LiquidCrystal_I2C lcd(0x27,20,4); 

int PinR = 14;
int PinY = 15;
int PinG = 16;
String data;

void setup() {
  Serial.begin(9600);
  pinMode(PinR, OUTPUT);
  pinMode(PinY, OUTPUT);
  pinMode(PinG, OUTPUT);
  digitalWrite(PinR, LOW);
  digitalWrite(PinY, LOW);
  digitalWrite(PinG, LOW);

  lcd.init();                      // initialize the lcd 
  lcd.backlight();

  delay(500);
}
void loop() {
  while (Serial.available() > 0) {
    delay(100);
    char data = Serial.read();
    //   data+=c;
    Serial.println(data);
    if (data == '1') {
      digitalWrite(PinR, HIGH);
      lcd.setCursor(3,0);
  lcd.print("Lamp R: ON ");
    }
    else if (data == '2') {
      digitalWrite(PinR, LOW);
          lcd.setCursor(3,0);
  lcd.print("Lamp R: OFF");
    }
    else if (data == '3') {
      digitalWrite(PinY, HIGH);
          lcd.setCursor(3,0);
  lcd.print("Lamp Y: ON ");
    }
    else if (data == '4') {
      digitalWrite(PinY, LOW);
          lcd.setCursor(3,0);
  lcd.print("Lamp Y: OFF");
    }
    else if (data == '5') {
      digitalWrite(PinG, HIGH);
          lcd.setCursor(3,0);
  lcd.print("Lamp G: ON ");
    }
    else if (data == '6') {
      digitalWrite(PinG, LOW);
          lcd.setCursor(3,0);
  lcd.print("Lamp G: OFF");

    }
  }
}

Results

After using my board with ATtiny3216, I used I2C 20 x4 LCD Display to communicate my board with the sensor and Bluetooth for program and data transfer.
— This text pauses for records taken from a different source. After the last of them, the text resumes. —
(* In the setting of the context, the contamination of $\widehat{\boldsymbol\alpha}_{2,\mathsf{real}}$ satisfies $$\mathsf{CN}_r(t)=\sqrt{\mathbf z_t^\top\mathbf C\,\mathbf z_t}=|1-\mathsf{SU}_r(t)|\sqrt{\mathbf z_t^\top\widetilde{\mathbf C}\,\mathbf z_t},$$ where $\mathbf C=\mathbf A^{-1}\big(\sum_{j\ne t}\lambda_j^2\mathbf z_j\mathbf z_j^\top\big)\mathbf A^{-1}$ and $\widetilde{\mathbf C}=\mathbf A_{-t}^{-1}\big(\sum_{j\ne t}\lambda_j^2\mathbf z_j\mathbf z_j^\top\big)\mathbf A_{-t}^{-1}$.
   Context: Setting: $d\ge n$, $\lambda_1,\dots,\lambda_d>0$; $\mathbf z_1,\dots,\mathbf z_d$ i.i.d. $\mathcal N(\mathbf0,\mathbf I_n)$; $\boldsymbol\Phi_{\mathsf{train}}=[\sqrt{\lambda_1}\mathbf z_1,\dots,\sqrt{\lambda_d}\mathbf z_d]$ (rows i.i.d. $\mathcal N(\mathbf0,\mathrm{diag}(\lambda))$); $\mathbf A=\sum_j\lambda_j\mathbf z_j\mathbf z_j^\top$, $\mathbf A_{-t}=\sum_{j\ne t}\lambda_j\mathbf z_j\mathbf z_j^\top$. Target $\boldsymbol\alpha^*=\mathbf e_t/\sqrt{\lambda_t}$, so the real outputs are $\mathbf Z_{\mathsf{train}}=\mathbf z_t$. $\widehat{\boldsymbol\alpha}_{2,\mathsf{real}}$ is the minimum-$\ell_2$-norm solution of $\boldsymbol\Phi_{\mathsf{train}}\boldsymbol\alpha=\mathbf z_t$; $\mathsf{SU}_r(t)=\sqrt{\lambda_t}(\widehat{\boldsymbol\alpha}_{2,\mathsf{real}})_t$, $\mathsf{CN}_r(t)=\sqrt{\sum_{j\ne t}\lambda_j(\widehat{\boldsymbol\alpha}_{2,\mathsf{real}})_j^2}$. *)

From HB Require Import structures.
From mathcomp Require Import all_boot all_order all_algebra.
Set Implicit Arguments. Unset Strict Implicit. Unset Printing Implicit Defensive.
Import Order.TTheory GRing.Theory Num.Theory.
Local Open Scope ring_scope.

Section Defs.
Variables (R : rcfType) (n d : nat).

Definition Phi_train (Z : 'M[R]_(n, d)) (lam : 'I_d -> R) : 'M[R]_(n, d) :=
  \matrix_(i < n, j < d) (Num.sqrt (lam j) * Z i j).

Definition outer (z : 'cV[R]_n) : 'M[R]_n := z *m z^T.

Definition Amat (Z : 'M[R]_(n, d)) (lam : 'I_d -> R) : 'M[R]_n :=
  \sum_(j < d) lam j *: outer (col j Z).

Definition Amat_minus (Z : 'M[R]_(n, d)) (lam : 'I_d -> R) (t : 'I_d) : 'M[R]_n :=
  \sum_(j < d | j != t) lam j *: outer (col j Z).

Definition Smat (Z : 'M[R]_(n, d)) (lam : 'I_d -> R) (t : 'I_d) : 'M[R]_n :=
  \sum_(j < d | j != t) (lam j ^+ 2) *: outer (col j Z).

Definition Cmat Z lam t : 'M[R]_n :=
  invmx (Amat Z lam) *m Smat Z lam t *m invmx (Amat Z lam).

Definition Ctilde Z lam t : 'M[R]_n :=
  invmx (Amat_minus Z lam t) *m Smat Z lam t *m invmx (Amat_minus Z lam t).

Definition qform (M : 'M[R]_n) (z : 'cV[R]_n) : R := (z^T *m M *m z) 0 0.

Definition sqnorm m (v : 'cV[R]_m) : R := \sum_(i < m) v i 0 ^+ 2.

Definition is_min_norm_solution m (Phi : 'M[R]_(m, d)) (y : 'cV[R]_m)
  (alpha : 'cV[R]_d) : Prop :=
  Phi *m alpha = y /\
  forall beta : 'cV[R]_d, Phi *m beta = y -> sqnorm alpha <= sqnorm beta.

Definition SU (lam : 'I_d -> R) (t : 'I_d) (alpha : 'cV[R]_d) : R :=
  Num.sqrt (lam t) * alpha t 0.

Definition CN (lam : 'I_d -> R) (t : 'I_d) (alpha : 'cV[R]_d) : R :=
  Num.sqrt (\sum_(j < d | j != t) lam j * alpha j 0 ^+ 2).

End Defs.

From HB Require Import structures.
From mathcomp Require Import all_boot all_order all_algebra ring.
Set Implicit Arguments. Unset Strict Implicit. Unset Printing Implicit Defensive.
Import Order.TTheory GRing.Theory Num.Theory.
Local Open Scope ring_scope.

(* Since [Phi Phi^T = A], the minimum-norm solution of [Phi alpha = z_t] is
   [alpha = Phi^T u] with [u = A^-1 z_t], so that [sqrt(lam_j) alpha_j = lam_j z_j^T u].
   Hence [CN^2 = u^T S u = z_t^T C z_t] with [S = sum_{j<>t} lam_j^2 z_j z_j^T].
   As [A = A_{-t} + lam_t z_t z_t^T] is a rank-one update, [u = c A_{-t}^-1 z_t]
   with [c = 1 / (1 + lam_t q)] and [q = z_t^T A_{-t}^-1 z_t >= 0]; this gives
   [1 - SU = 1 - lam_t c q = c] and [z_t^T C z_t = c^2 z_t^T C~ z_t]. *)

Section RankOneUpdate.
Variables (F : fieldType) (m : nat) (M : 'M[F]_m) (c : F) (z : 'cV[F]_m).
Hypothesis M_unit : M \in unitmx.

Let q := (z^T *m invmx M *m z) 0 0.

Lemma mulmx_rank_one_update :
  (M + c *: (z *m z^T)) *m (invmx M *m z) = (1 + c * q) *: z.
Proof.
rewrite mulmxDl mulKVmx // -scalemxAl -mulmxA [z^T *m _]mulmxA.
by rewrite [_ *m z]mx11_scalar mul_mx_scalar scalerA scalerDl scale1r.
Qed.

Hypothesis q_reg : 1 + c * q != 0.

Lemma rank_one_update_unitmx : M + c *: (z *m z^T) \in unitmx.
Proof.
pose k := c / (1 + c * q).
(* Sherman-Morrison formula. *)
suff: (M + c *: (z *m z^T)) *m (invmx M - k *: (invmx M *m z *m (z^T *m invmx M)))
  = 1%:M by case/mulmx1_unit.
rewrite mulmxBr -scalemxAr mulmxA mulmx_rank_one_update mulmxDl mulmxV //.
rewrite -!scalemxAl scalerA /k divfK // -mulmxA.
by rewrite -addrA subrr addr0.
Qed.

Lemma invmx_rank_one_update_mul :
  invmx (M + c *: (z *m z^T)) *m z = (1 + c * q)^-1 *: (invmx M *m z).
Proof.
rewrite -[RHS](mulKmx rank_one_update_unitmx) -scalemxAr.
by rewrite mulmx_rank_one_update scalerA mulVf // scale1r.
Qed.

End RankOneUpdate.

Section QuadraticForms.
Variables (R : rcfType) (n : nat).
Implicit Types (M N : 'M[R]_n) (v : 'cV[R]_n).

Lemma qformZ M (a : R) v : qform M (a *: v) = a ^+ 2 * qform M v.
Proof. by rewrite /qform -scalemxAr [(_ *: v)^T]linearZ -!scalemxAl !mxE mulrA -expr2. Qed.

Lemma qform_sandwich N M v :
  N^T = N -> qform (N *m M *m N) v = qform M (N *m v).
Proof. by move=> N_sym; rewrite /qform trmx_mul N_sym !mulmxA. Qed.

End QuadraticForms.

Section GramSums.
Variables (R : rcfType) (n d : nat) (Z : 'M[R]_(n, d)).
Implicit Types (P : pred 'I_d) (c : 'I_d -> R) (v w : 'cV[R]_n).

Lemma colT_mulmxE (j : 'I_d) w : ((col j Z)^T *m w) 0 0 = (Z^T *m w) j 0.
Proof. by rewrite !mxE; apply: eq_bigr => i _; rewrite !mxE. Qed.

Lemma trmx_gram_sum P c :
  (\sum_(j < d | P j) c j *: outer (col j Z))^T =
  \sum_(j < d | P j) c j *: outer (col j Z).
Proof.
rewrite linear_sum; apply: eq_bigr => j _.
by rewrite linearZ /= /outer trmx_mul trmxK.
Qed.

Lemma bilinear_gram_sum P c v w :
  (v^T *m (\sum_(j < d | P j) c j *: outer (col j Z)) *m w) 0 0 =
  \sum_(j < d | P j) c j * ((Z^T *m v) j 0 * (Z^T *m w) j 0).
Proof.
rewrite mulmx_sumr mulmx_suml summxE; apply: eq_bigr => j _.
rewrite -scalemxAr -scalemxAl mxE /outer !mulmxA -[_ *m w]mulmxA.
rewrite [_ *m col j Z]mx11_scalar mul_scalar_mx mxE colT_mulmxE.
by rewrite -[v^T *m _]trmxK trmx_mul trmxK mxE colT_mulmxE.
Qed.

Lemma qform_gram_sum_ge0 P c v : (forall j, P j -> 0 <= c j) ->
  0 <= qform (\sum_(j < d | P j) c j *: outer (col j Z)) v.
Proof.
move=> c_ge0; rewrite /qform bilinear_gram_sum.
by apply: sumr_ge0 => j Pj; rewrite -expr2 mulr_ge0 ?sqr_ge0 ?c_ge0.
Qed.

End GramSums.

Section MinNormSolution.
Variables (R : rcfType) (m d : nat) (Phi : 'M[R]_(m, d)) (y : 'cV[R]_m).
Implicit Types (a b alpha : 'cV[R]_d).

Lemma sqnormD a b : sqnorm (a + b) = sqnorm a + 2 * (a^T *m b) 0 0 + sqnorm b.
Proof.
rewrite /sqnorm mxE mulr_sumr -!big_split; apply: eq_bigr => i _.
by rewrite !mxE /=; ring.
Qed.

Lemma sqnorm_eq0 a : sqnorm a = 0 -> a = 0.
Proof.
move=> /eqP; rewrite psumr_eq0 => [/allP a0|i _]; last exact: sqr_ge0.
apply/matrixP => i j; rewrite (ord1 j) !mxE.
by apply/eqP; rewrite -sqrf_eq0; apply: a0; rewrite mem_index_enum.
Qed.

(* Pythagoras: [Phi^T v] is orthogonal to the kernel of [Phi]. *)
Lemma min_norm_solution_row_space (v : 'cV[R]_m) alpha :
  Phi *m (Phi^T *m v) = y -> is_min_norm_solution Phi y alpha ->
  alpha = Phi^T *m v.
Proof.
set a0 := Phi^T *m v => a0_sol [alpha_sol alpha_min].
have cross : (a0^T *m (alpha - a0)) 0 0 = 0.
  by rewrite trmx_mul trmxK -mulmxA mulmxBr alpha_sol a0_sol subrr mulmx0 mxE.
have := alpha_min a0 a0_sol.
rewrite -[alpha in sqnorm alpha](subrK a0) addrC sqnormD cross mulr0 addr0.
rewrite gerDl => le0; apply/eqP; rewrite -subr_eq0; apply/eqP/sqnorm_eq0.
by apply/eqP; rewrite eq_le le0 sumr_ge0 // => i _; rewrite sqr_ge0.
Qed.

End MinNormSolution.

Section Features.
Variables (R : rcfType) (n d : nat) (Z : 'M[R]_(n, d)) (lam : 'I_d -> R).
Hypothesis lam_ge0 : forall j, 0 <= lam j.

Lemma Phi_train_mul_tr : Phi_train Z lam *m (Phi_train Z lam)^T = Amat Z lam.
Proof.
apply/matrixP => i k; rewrite !mxE summxE; apply: eq_bigr => j _.
by rewrite !mxE big_ord1 !mxE mulrACA -expr2 sqr_sqrtr.
Qed.

Lemma Phi_train_tr_mulE (v : 'cV[R]_n) j :
  ((Phi_train Z lam)^T *m v) j 0 = Num.sqrt (lam j) * (Z^T *m v) j 0.
Proof. by rewrite !mxE mulr_sumr; apply: eq_bigr => i _; rewrite !mxE mulrA. Qed.

Lemma SU_Phi_train_tr t (v : 'cV[R]_n) :
  SU lam t ((Phi_train Z lam)^T *m v) = lam t * ((col t Z)^T *m v) 0 0.
Proof. by rewrite /SU Phi_train_tr_mulE mulrA -expr2 sqr_sqrtr // colT_mulmxE. Qed.

Lemma CN_Phi_train_tr t (v : 'cV[R]_n) :
  CN lam t ((Phi_train Z lam)^T *m v) = Num.sqrt (qform (Smat Z lam t) v).
Proof.
rewrite /CN /qform bilinear_gram_sum; congr Num.sqrt; apply: eq_bigr => j _.
by rewrite Phi_train_tr_mulE exprMn sqr_sqrtr // -mulrA -expr2 mulrA.
Qed.

Lemma Amat_bigD1 t : Amat Z lam = Amat_minus Z lam t + lam t *: outer (col t Z).
Proof. by rewrite /Amat (bigD1 t) //= addrC. Qed.

End Features.

Theorem lemma10 (R : rcfType) (n d : nat) (Z : 'M[R]_(n, d))
  (lam : 'I_d -> R) (t : 'I_d) (alpha : 'cV[R]_d) :
  (n <= d)%N ->
  (forall j, 0 < lam j) ->
  Amat_minus Z lam t \in unitmx ->
  is_min_norm_solution (Phi_train Z lam) (col t Z) alpha ->
  CN lam t alpha = Num.sqrt (qform (Cmat Z lam t) (col t Z)) /\
  Num.sqrt (qform (Cmat Z lam t) (col t Z)) =
    `|1 - SU lam t alpha| * Num.sqrt (qform (Ctilde Z lam t) (col t Z)).
Proof.
move=> _ lam_gt0 Am_unit alpha_min.
have lam_ge0 j : 0 <= lam j by exact: ltW.
set z := col t Z; set A := Amat Z lam; set Am := Amat_minus Z lam t.
set w := invmx Am *m z; set q := (z^T *m invmx Am *m z) 0 0.
have Am_sym : Am^T = Am by exact: trmx_gram_sum.
have q_ge0 : 0 <= q.
  rewrite /q -mulmxA -[z in z^T](mulKVmx Am_unit) trmx_mul Am_sym.
  exact: qform_gram_sum_ge0.
have q_reg : 1 + lam t * q != 0 by rewrite gt_eqF // ltr_wpDr ?mulr_ge0.
set c := (1 + lam t * q)^-1.
have A_unit : A \in unitmx by rewrite /A (Amat_bigD1 Z lam t) rank_one_update_unitmx.
have u_eq : invmx A *m z = c *: w.
  by rewrite /A (Amat_bigD1 Z lam t) invmx_rank_one_update_mul.
have alphaE : alpha = (Phi_train Z lam)^T *m (invmx A *m z).
  apply: min_norm_solution_row_space alpha_min.
  by rewrite mulmxA Phi_train_mul_tr // mulKVmx.
have C_eq : qform (Cmat Z lam t) z = qform (Smat Z lam t) (c *: w).
  by rewrite -u_eq qform_sandwich // trmx_inv trmx_gram_sum.
have Ct_eq : qform (Ctilde Z lam t) z = qform (Smat Z lam t) w.
  by rewrite qform_sandwich // trmx_inv Am_sym.
have SU_eq : 1 - SU lam t alpha = c.
  by rewrite alphaE SU_Phi_train_tr // u_eq -scalemxAr mxE mulmxA -/q /c; field.
split; first by rewrite alphaE CN_Phi_train_tr // u_eq C_eq.
by rewrite SU_eq C_eq Ct_eq qformZ sqrtrM ?sqr_ge0 // sqrtr_sqr.
Qed.
(* Let $\lambda^0$ be a constant fourth-order tensor on $\mathbb{R}^3$ with minor and major symmetries ($\lambda^0_{ijkl}=\lambda^0_{jikl}=\lambda^0_{ijlk}=\lambda^0_{klij}$) which is positive definite on symmetric matrices ($\xi:\lambda^0:\xi>0$ for every nonzero real symmetric $3\times3$ matrix $\xi$). For every $q\in\mathbb{R}^3$, the $3\times 3$ matrix $M(q)$ with entries $M_{jk}(q)=\sum_{i,l}\lambda^0_{ijkl}\big(\overline{D_i(q)}D_l(q)+D_i(q)\overline{D_l(q)}\big)$ is real, symmetric and positive semidefinite, and it is positive definite (hence invertible) if and only if $D(q)\neq 0$, i.e. if and only if $q\notin 2\pi\mathbb{Z}^3\cup\big((\pi,\pi,\pi)+2\pi\mathbb{Z}^3\big)$.
   Context: Let $T=\{\tfrac12(1,1,1),\ \tfrac12(1,-1,-1),\ \tfrac12(-1,1,-1),\ \tfrac12(-1,-1,1)\}$. For $q\in\mathbb{R}^3$, $D(q)\in\mathbb{C}^3$ is defined by $D_i(q)=\sum_{e\in T} e_i\, e^{i q\cdot e}$ ($i=1,2,3$). The overline denotes complex conjugation. (The matrix $M(q)$ is the inverse of the discrete displacement Green function $\Omega(q)$ of the tetrahedral scheme.) *)

From HB Require Import structures.
From mathcomp Require Import all_boot all_order all_algebra.
From mathcomp Require Import complex.
From mathcomp Require Import reals trigo.
Set Implicit Arguments. Unset Strict Implicit. Unset Printing Implicit Defensive.
Import Order.TTheory GRing.Theory Num.Theory.
Local Open Scope ring_scope.
Local Open Scope complex_scope.

Section Defs.
Variable R : realType.

Definition vec3 (a b c : R) : 'rV[R]_3 := \row_(i < 3) nth 0 [:: a; b; c] i.

Definition tetraT : seq 'rV[R]_3 :=
  [:: (2^-1) *: vec3 1 1 1; (2^-1) *: vec3 1 (-1) (-1);
      (2^-1) *: vec3 (-1) 1 (-1); (2^-1) *: vec3 (-1) (-1) 1].

Definition dot3 (u v : 'rV[R]_3) : R := \sum_(i < 3) u 0 i * v 0 i.

Definition expi (t : R) : R[i] := cos t +i* sin t.

Definition Dvec (q : 'rV[R]_3) : 'rV[R[i]]_3 :=
  \row_(i < 3) \sum_(e <- tetraT) (e 0 i)%:C * expi (dot3 q e).

Definition Mmat (lam : 'I_3 -> 'I_3 -> 'I_3 -> 'I_3 -> R) (q : 'rV[R]_3)
  : 'M[R[i]]_3 :=
  \matrix_(j < 3, k < 3) \sum_(i < 3) \sum_(l < 3)
     (lam i j k l)%:C * (((Dvec q 0 i)^* * Dvec q 0 l) + (Dvec q 0 i * (Dvec q 0 l)^*)).

Definition qform (A : 'M[R[i]]_3) (v : 'cV[R[i]]_3) : R[i] :=
  ((map_mx (@conjc R) v)^T *m A *m v) 0 0.

Definition psd_mx (A : 'M[R[i]]_3) : Prop := forall v, 0 <= qform A v.
Definition pd_mx (A : 'M[R[i]]_3) : Prop := forall v, v != 0 -> 0 < qform A v.

Definition bad_q (q : 'rV[R]_3) : Prop :=
  (exists z : 'I_3 -> int, forall i, q 0 i = 2 * pi * (z i)%:~R) \/
  (exists z : 'I_3 -> int, forall i, q 0 i = pi + 2 * pi * (z i)%:~R).
Section Bipartite.
Variables (T : finType) (e : rel T) (U W : {set T}).
Hypotheses (e_sym : symmetric e) (e_irr : irreflexive e) (hbip : bipartition e U W).
Local Notation E := (edges e).
Implicit Types (S : {set T}) (M : {set {set T}}).

Lemma memW x : (x \in W) = (x \notin U).
Proof.
have [UW0 [UWT _]] := hbip; apply/idP/idP => [xW|xU].
  apply/negP=> xU; have : x \in U :&: W by rewrite inE xU xW.
  by rewrite UW0 inE.
have : x \in U :|: W by rewrite UWT inE.
by rewrite inE (negbTE xU).
Qed.

Lemma edge_UW p q : e p q -> p \in U -> q \in W.
Proof. by case/hbip.2.2=> -[pX qY] // pU; rewrite memW pU in pX. Qed.

Lemma edge_WU p q : e p q -> p \in W -> q \in U.
Proof. by case/hbip.2.2=> -[pX qY] // pW; rewrite memW pX in pW. Qed.

Lemma edge_sideU p q : e p q -> (p \in U) != (q \in U).
Proof.
move=> epq; have [pU|pW] := boolP (p \in U); first by rewrite -memW (edge_UW epq).
by rewrite -memW in pW; rewrite (edge_WU epq pW).
Qed.

Lemma edge_sideW p q : e p q -> (p \in W) != (q \in W).
Proof. by move/edge_sideU; rewrite !memW; case: (p \in U); case: (q \in U). Qed.

Lemma nbhd_U_W (E' : {set {set T}}) u : E' \subset E -> u \in U -> nbhd E' u \subset W.
Proof. by move=> sE uU; apply/subsetP=> w /(nbhd_edge e_sym e_irr sE)/edge_UW; apply. Qed.

Lemma nbhd_set_W_U (E' : {set {set T}}) S : E' \subset E -> S \subset W ->
  nbhd_set E' S \subset U.
Proof.
move=> sE sSW; apply/bigcupsP=> s sS; apply/subsetP=> t.
by move/(nbhd_edge e_sym e_irr sE)/edge_WU; apply; apply: (subsetP sSW).
Qed.

Lemma sdr_matching (E' : {set {set T}}) (A : {set T}) (f : T -> T) :
  E' \subset E -> A \subset W ->
  {in A &, injective f} -> {in A, forall a, f a \in nbhd E' a} ->
  is_matching E' [set [set a; f a] | a in A].
Proof.
move=> sE sAW injf fN; split.
  by apply/subsetP=> _ /imsetP[a aA ->]; have := fN a aA; rewrite inE.
have fU a : a \in A -> f a \in U.
  by move=> aA; apply: (edge_WU (nbhd_edge e_sym e_irr sE (fN a aA))); apply: (subsetP sAW).
have aW a : a \in A -> a \notin U by move=> aA; rewrite -memW (subsetP sAW).
apply/trivIset_eqP=> _ _ x /imsetP[a aA ->] /imsetP[b bA ->].
move=> /set2P[]-> /set2P[] => [->//|abf|fab|/injf-> //].
- by have := aW a aA; rewrite abf fU.
- by have := aW b bA; rewrite -fab fU.
Qed.

Lemma strong_deficient (E' : {set {set T}}) u : E' \subset E -> u \in U ->
  strong E' u -> deficient E' u 0.
Proof.
move=> sE uU strong_u; apply: contraT => notdef.
have [f injf fNb] : has_sdr (fun s => nbhd E' s :\ u) (nbhd E' u).
  apply: hall => S sSN; have [->|nzS] := eqVneq S set0; first by rewrite cards0.
  rewrite bigcupDr -/(nbhd_set E' S).
  have : ~~ (#|nbhd_set E' S| + 0 <= #|S|).
    by apply: contra notdef => tightS; apply/deficientP; exists S.
  by have := cardsD1 u (nbhd_set E' S); rewrite (nbhd_set_center nzS sSN); lia.
have fN a : a \in nbhd E' u -> f a \in nbhd E' a by move/fNb/setD1P=> [].
have [M maxM sM0M] := maximal_matching_sup (sdr_matching sE (nbhd_U_W sE uU) injf fN).
have uM := strong_u M maxM.
have uvM := mateP sE maxM.1 uM; set v := mate M u in uvM.
have vN : v \in nbhd E' u by rewrite inE (subsetP maxM.1.1 _ uvM).
have vfvM : [set v; f v] \in M by apply/(subsetP sM0M)/imsetP; exists v.
have eqB := trivIset_eq maxM.1.2 vfvM uvM (set21 _ _) (set22 _ _).
have /set2P[uv|ufv] : u \in [set v; f v] by rewrite eqB set21.
  by have := mate_edge e_sym e_irr sE maxM.1 uM; rewrite -/v -uv e_irr.
by have := fNb v vN; rewrite -ufv setD11.
Qed.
Interface 20x4 LCD display module consist with 4 line 20 character LCD module with on-board contrast control adjustment, backlight and I2C communication interface. I connected them to my ATtiny3216 board and LCD driver circuit connection module to simplify the circuit connection.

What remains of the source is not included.